> [EXERCISE]: Print the line containing "Definition pos_in (n" and every later line of the records. Keep each one exactly as given, ending with the last.

> [LISTED ENTRIES]:
(* Fix $d \geq 2$. If $c > 3/2$, then with high probability $Y \sim Y_d(n, \frac{c\log n}{n})$ has no inclusion-minimal $(d-1)$-cocycle of support size $k$ over any field, for any $\log n \leq k \leq n/(3d)$.
   Context: $Y_d(n,p)$ is the random $d$-dimensional simplicial complex on $n$ vertices with complete $(d-1)$-skeleton in which each $d$-face is included independently with probability $p$. ''With high probability'' means with probability tending to $1$ as $n\to\infty$. For a field $R$, a $(d-1)$-cochain $\phi$ over $R$ assigns values in $R$ to the oriented $(d-1)$-faces of the full simplex; it is a cocycle of $Y$ if $\delta\phi(\sigma) = 0$ for every $d$-face $\sigma$ of $Y$ ($\delta$ the simplicial coboundary). A nonzero cocycle $\phi$ over $R$ is inclusion-minimal if no nonzero cocycle of $Y$ over $R$ is supported on a proper subset of $\mathrm{supp}(\phi)$; its support size is $|\mathrm{supp}(\phi)|$. *)

From HB Require Import structures.
From mathcomp Require Import all_boot all_order all_algebra.
From mathcomp Require Import all_classical all_reals all_analysis.
Set Implicit Arguments. Unset Strict Implicit. Unset Printing Implicit Defensive.
Import Order.TTheory GRing.Theory Num.Theory.
Local Open Scope ring_scope.

(* Vertices are 'I_n; a face is a subset of 'I_n.  A j-face has j+1 vertices. *)

Definition dfaces (n d : nat) : {set {set 'I_n}} := [set s : {set 'I_n} | #|s| == d.+1].

(* Sign of vertex v inside the face s (vertices ordered increasingly):
   the position of v in s is #|{u in s | u < v}|. *)
Definition pos_in (n : nat) (s : {set 'I_n}) (v : 'I_n) : nat :=
  #|[set u in s | (u < v)%N]|.

(* A (d-1)-cochain over F: value on each (d-1)-face (a set of d vertices),
   w.r.t. the increasing orientation; values on other sets are ignored. *)
Definition cochain (F : fieldType) (n : nat) := {ffun {set 'I_n} -> F}.

(* Simplicial coboundary: (delta phi)(s) = sum_i (-1)^i phi(s \ v_i)
   with s = {v_0 < ... < v_d}. *)
Definition cobound (F : fieldType) (n : nat) (phi : cochain F n)
    (s : {set 'I_n}) : F :=
  \sum_(v in s) (-1) ^+ (pos_in s v) * phi (s :\ v).

Definition supp (F : fieldType) (n d : nat) (phi : cochain F n)
    : {set {set 'I_n}} :=
  [set f : {set 'I_n} | (#|f| == d) && (phi f != 0)].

> [EXERCISE RESULT]:
Definition pos_in (n : nat) (s : {set 'I_n}) (v : 'I_n) : nat :=
  #|[set u in s | (u < v)%N]|.

(* A (d-1)-cochain over F: value on each (d-1)-face (a set of d vertices),
   w.r.t. the increasing orientation; values on other sets are ignored. *)
Definition cochain (F : fieldType) (n : nat) := {ffun {set 'I_n} -> F}.

(* Simplicial coboundary: (delta phi)(s) = sum_i (-1)^i phi(s \ v_i)
   with s = {v_0 < ... < v_d}. *)
Definition cobound (F : fieldType) (n : nat) (phi : cochain F n)
    (s : {set 'I_n}) : F :=
  \sum_(v in s) (-1) ^+ (pos_in s v) * phi (s :\ v).

Definition supp (F : fieldType) (n d : nat) (phi : cochain F n)
    : {set {set 'I_n}} :=
  [set f : {set 'I_n} | (#|f| == d) && (phi f != 0)].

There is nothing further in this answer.